Dataset Contribution 🗂️

Overview

This page describes how to add a new dataset to scTimeBench.

Dataset contributions usually require three parts:

a dataset loader in the dataset registry,
a default dataset configuration, and
inclusion in the supported metric groups.

Steps for Contribution

1. Format the dataset

Ensure the source data can be loaded into an AnnData object and that the following observation columns are available after loading:

cell type, mapped to ObservationColumns.CELL_TYPE

timepoint, mapped to ObservationColumns.TIMEPOINT

If a dataset does not contain one of these fields, follow the existing dataset loaders and provide a sensible placeholder or derived value.

2. Add a dataset loader

Create a loader in src/scTimeBench/shared/dataset/registry/ and follow the existing naming convention: the class name should end in Dataset, and the module name should be snake case.
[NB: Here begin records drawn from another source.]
(** Let [x] lie in the ball [B^beta_{r,sN_A}(a)] of a center [a] of [A], so
    that [c = core^A_{sN_A}(a) <= r / beta].  A ball [B(a, rho)] with [rho]
    slightly above [c] holds a fraction [s] of [A]; the Prohorov bound applied
    to the (closed, finite) set of these points shows that the thickened ball
    [B(a, rho + d)], [d < delta], holds a fraction [s - delta] of [B].  A point
    [b] of [B] in that ball is a new center: the ball of twice the radius
    around [b] contains the same points, so [core^B_{(s-delta)N_B}(b)] is at
    most [2 (c + delta)], while [d(b, x)] is bounded by the triangle
    inequality.  For the Delaunay version [b] is taken nearest to [x] in [B]
    instead, which costs one more use of the triangle inequality. *)
From Pilot Require Import Defs.
From mathcomp Require Import all_boot all_order all_algebra.
From mathcomp Require Import finmap.
From mathcomp Require Import all_classical all_reals all_analysis.
From mathcomp Require Import ring lra.
Import Order.TTheory GRing.Theory Num.Theory.
Import numFieldNormedType.Exports.
Set Implicit Arguments. Unset Strict Implicit.
Local Open Scope classical_set_scope.
Local Open Scope ring_scope.

Lemma sumr_CauchySchwarz (R : realFieldType) (I : finType) (u v : I -> R) :
  (\sum_i u i * v i) ^+ 2 <= (\sum_i u i ^+ 2) * (\sum_i v i ^+ 2).
Proof.
have lagrange : (\sum_i u i ^+ 2) * (\sum_i v i ^+ 2) *+ 2
                - (\sum_i u i * v i) ^+ 2 *+ 2
    = \sum_i \sum_j (u i * v j - u j * v i) ^+ 2.
  rewrite mulr2n [X in X + _ - _]big_distrlr mulrC big_distrlr expr2 big_distrlr /=.
  rewrite -big_split /= -sumrMnl -sumrB; apply: eq_bigr => i _.
  rewrite -big_split /= -sumrMnl -sumrB; apply: eq_bigr => j _; ring.
have : 0 <= \sum_i \sum_j (u i * v j - u j * v i) ^+ 2.
  by apply: sumr_ge0 => i _; apply: sumr_ge0 => j _; exact: sqr_ge0.
by rewrite -lagrange -mulrnBl pmulrn_lge0 // subr_ge0.
Qed.

Lemma sqrt_sum_sqrD (R : rcfType) (I : finType) (u v : I -> R) :
  Num.sqrt (\sum_i (u i + v i) ^+ 2)
    <= Num.sqrt (\sum_i u i ^+ 2) + Num.sqrt (\sum_i v i ^+ 2).
Proof.
set a := \sum_i u i ^+ 2; set c := \sum_i v i ^+ 2.
have a0 : 0 <= a by apply: sumr_ge0 => i _; exact: sqr_ge0.
have c0 : 0 <= c by apply: sumr_ge0 => i _; exact: sqr_ge0.
have uv_le : \sum_i u i * v i <= Num.sqrt a * Num.sqrt c.
  rewrite -sqrtrM //; apply: le_trans (ler_norm _) _.
  by rewrite -sqrtr_sqr ler_wsqrtr // sumr_CauchySchwarz.
have -> : \sum_i (u i + v i) ^+ 2 = a + 2 * \sum_i u i * v i + c.
  by rewrite /a /c mulr_sumr -!big_split /=; apply: eq_bigr => i _; ring.
rewrite -[X in _ <= X]ger0_norm ?addr_ge0 ?sqrtr_ge0 // -sqrtr_sqr ler_wsqrtr //.
by rewrite sqrrD !sqr_sqrtr // -mulr_natr; lra.
Qed.
(* Every morphism of bigroupoids $(F,\phi):\mathcal A\to\mathcal C$ factors as $(F,\phi)=(H,\eta)\circ(G,\psi)$ with $(G,\psi):\mathcal A\to\mathcal B$ a trivial cofibration and $(H,\eta):\mathcal B\to\mathcal C$ a fibration.
   Context: A bigroupoid $\mathcal B$ consists of: a set $\mathcal B_0$ of 0-cells; for each $A,B\in\mathcal B_0$ a groupoid $\mathcal B(A,B)$ whose objects are 1-cells and whose arrows are 2-cells; composition functors $*$; identity 1-cells $1_A$; inversion functors $(-)^*$; and natural isomorphisms $\mathbf a:(h*g)*f\Rightarrow h*(g*f)$, $\mathbf l:1_B*f\Rightarrow f$, $\mathbf r:f*1_A\Rightarrow f$, $\mathbf e:f^**f\Rightarrow 1_A$, $\mathbf i:1_B\Rightarrow f*f^*$, such that the pentagon for $\mathbf a$ commutes, $(\mathrm{id}*\mathbf l)\circ\mathbf a=\mathbf r*\mathrm{id}$, and $\mathbf r_f\circ(\mathrm{id}*\mathbf e_f)\circ\mathbf a\circ(\mathbf i_f*\mathrm{id})=\mathbf l_f$. A morphism $(F,\phi):\mathcal A\to\mathcal B$ consists of a function on 0-cells, functors $F_{A,A'}:\mathcal A(A,A')\to\mathcal B(FA,FA')$ and natural isomorphisms $\phi_{g,f}:Fg*Ff\Rightarrow F(g*f)$, $\phi_A:1_{FA}\Rightarrow F1_A$, $\phi_f:(Ff)^*\Rightarrow F(f^* )$ satisfying $F\mathbf a\circ\phi\circ(\phi*\mathrm{id})=\phi\circ(\mathrm{id}*\phi)\circ\mathbf a$, $F\mathbf r\circ\phi\circ(\mathrm{id}*\phi_A)=\mathbf r$, $F\mathbf l\circ\phi\circ(\phi_B*\mathrm{id})=\mathbf l$, $F\mathbf e\circ\phi\circ(\phi_f*\mathrm{id})=\phi_A\circ\mathbf e$, $F\mathbf i\circ\phi_B=\phi\circ(\mathrm{id}*\phi_f)\circ\mathbf i$; composition is $(G,\gamma)\circ(F,\phi)=(GF,G\phi\circ\gamma F)$. Fibration: (1) for every 0-cell $A'$ of $\mathcal A$ and 1-cell $b:B\to FA'$ there is $a:A\to A'$ with $FA=B$, $Fa=b$; (2) for every 1-cell $a'$ and 2-cell $\beta:b\Rightarrow Fa'$ there is $\alpha:a\Rightarrow a'$ with $Fa=b$, $F\alpha=\beta$. Cofibration: injective on 0-cells and each $F_{A,A'}$ injective on objects. Weak equivalence: every 0-cell $B$ of the codomain admits a 1-cell $B\to FA'$ for some 0-cell $A'$, and each $F_{A,A'}$ is an equivalence of categories. A trivial cofibration is a cofibration that is a weak equivalence. *)

Record BGData := {
  ob : Type;
  hom : ob -> ob -> Type;
  cell : forall A B, hom A B -> hom A B -> Type;
  (* vertical composition  vcomp y x = y o x  (first x, then y) *)
  vcomp : forall A B (f g h : hom A B), cell A B g h -> cell A B f g -> cell A B f h;
  id2 : forall A B (f : hom A B), cell A B f f;
  vinv : forall A B (f g : hom A B), cell A B f g -> cell A B g f;
  (* horizontal composition  hcomp g f = g * f  (first f, then g) *)
  hcomp : forall A B C, hom B C -> hom A B -> hom A C;
  hcomp2 : forall A B C (g g' : hom B C) (f f' : hom A B),
      cell B C g g' -> cell A B f f' -> cell A C (hcomp A B C g f) (hcomp A B C g' f');
  id1 : forall A, hom A A;
  inv1 : forall A B, hom A B -> hom B A;
  inv2 : forall A B (f g : hom A B), cell A B f g -> cell B A (inv1 A B f) (inv1 A B g);
  assoc : forall A B C D (h : hom C D) (g : hom B C) (f : hom A B),
      cell A D (hcomp A B D (hcomp B C D h g) f) (hcomp A C D h (hcomp A B C g f));
  lunit : forall A B (f : hom A B), cell A B (hcomp A B B (id1 B) f) f;
  runit : forall A B (f : hom A B), cell A B (hcomp A A B f (id1 A)) f;
  ecell : forall A B (f : hom A B), cell A A (hcomp A B A (inv1 A B f) f) (id1 A);
  icell : forall A B (f : hom A B), cell B B (id1 B) (hcomp B A B f (inv1 A B f))
}.

Arguments hom {b}.
Arguments cell {b A B}.
Arguments vcomp {b A B f g h}.
Arguments id2 {b A B}.
Arguments vinv {b A B f g}.
Arguments hcomp {b A B C}.
Arguments hcomp2 {b A B C g g' f f'}.
Arguments id1 {b}.
Arguments inv1 {b A B}.
Arguments inv2 {b A B f g}.
Arguments assoc {b A B C D}.
Arguments lunit {b A B}.
Arguments runit {b A B}.
Arguments ecell {b A B}.
Arguments icell {b A B}.

Declare Scope bg_scope.
Open Scope bg_scope.
Notation "y ∘ x" := (vcomp y x) (at level 40, left associativity) : bg_scope.
Notation "y ⋆ x" := (hcomp2 y x) (at level 35, no associativity) : bg_scope.
Notation "g ⊙ f" := (hcomp g f) (at level 35, no associativity) : bg_scope.

Record IsBigroupoid (BG : BGData) : Prop := {
  vcomp_assoc : forall (A B : ob BG) (f g h k : hom A B) (x : cell h k) (y : cell g h) (z : cell f g),
      x ∘ (y ∘ z) = (x ∘ y) ∘ z;
  vcomp_id_l : forall (A B : ob BG) (f g : hom A B) (x : cell f g), id2 g ∘ x = x;
  vcomp_id_r : forall (A B : ob BG) (f g : hom A B) (x : cell f g), x ∘ id2 f = x;
  vinv_l : forall (A B : ob BG) (f g : hom A B) (x : cell f g), vinv x ∘ x = id2 f;
  vinv_r : forall (A B : ob BG) (f g : hom A B) (x : cell f g), x ∘ vinv x = id2 g;
  hcomp2_id : forall (A B C : ob BG) (g : hom B C) (f : hom A B), id2 g ⋆ id2 f = id2 (g ⊙ f);
  hcomp2_vcomp : forall (A B C : ob BG) (g g' g'' : hom B C) (f f' f'' : hom A B)
      (b' : cell g' g'') (b : cell g g') (a' : cell f' f'') (a : cell f f'),
      (b' ∘ b) ⋆ (a' ∘ a) = (b' ⋆ a') ∘ (b ⋆ a);
  inv2_id : forall (A B : ob BG) (f : hom A B), inv2 (id2 f) = id2 (inv1 f);
  inv2_vcomp : forall (A B : ob BG) (f g h : hom A B) (y : cell g h) (x : cell f g),
      inv2 (y ∘ x) = inv2 y ∘ inv2 x;
  assoc_nat : forall (A B C D : ob BG) (h h' : hom C D) (g g' : hom B C) (f f' : hom A B)
      (c : cell h h') (b : cell g g') (a : cell f f'),
      assoc h' g' f' ∘ ((c ⋆ b) ⋆ a) = (c ⋆ (b ⋆ a)) ∘ assoc h g f;
  lunit_nat : forall (A B : ob BG) (f f' : hom A B) (a : cell f f'),
      lunit f' ∘ (id2 (id1 B) ⋆ a) = a ∘ lunit f;
  runit_nat : forall (A B : ob BG) (f f' : hom A B) (a : cell f f'),
      runit f' ∘ (a ⋆ id2 (id1 A)) = a ∘ runit f;
  ecell_nat : forall (A B : ob BG) (f f' : hom A B) (a : cell f f'),
      ecell f' ∘ (inv2 a ⋆ a) = id2 (id1 A) ∘ ecell f;
  icell_nat : forall (A B : ob BG) (f f' : hom A B) (a : cell f f'),
      (a ⋆ inv2 a) ∘ icell f = icell f' ∘ id2 (id1 B);
  pentagon : forall (A B C D E : ob BG) (k : hom D E) (h : hom C D) (g : hom B C) (f : hom A B),
      (id2 k ⋆ assoc h g f) ∘ assoc k (h ⊙ g) f ∘ (assoc k h g ⋆ id2 f)
      = assoc k h (g ⊙ f) ∘ assoc (k ⊙ h) g f;
  triangle : forall (A B C : ob BG) (g : hom B C) (f : hom A B),
      (id2 g ⋆ lunit f) ∘ assoc g (id1 B) f = runit g ⋆ id2 f;
  inverse_coh : forall (A B : ob BG) (f : hom A B),
      runit f ∘ (id2 f ⋆ ecell f) ∘ assoc f (inv1 f) f ∘ (icell f ⋆ id2 f) = lunit f
}.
A minimal loader looks like this:
"""
Dataset name.
"""

import scanpy as sc

from scTimeBench.shared.dataset.base import BaseDataset, ObservationColumns


class ExampleDataset(BaseDataset):
    def _load_data(self):
        """Load the dataset into self.data."""
        data_path = self.dataset_dict["data_path"]
        self.data = sc.read_h5ad(data_path)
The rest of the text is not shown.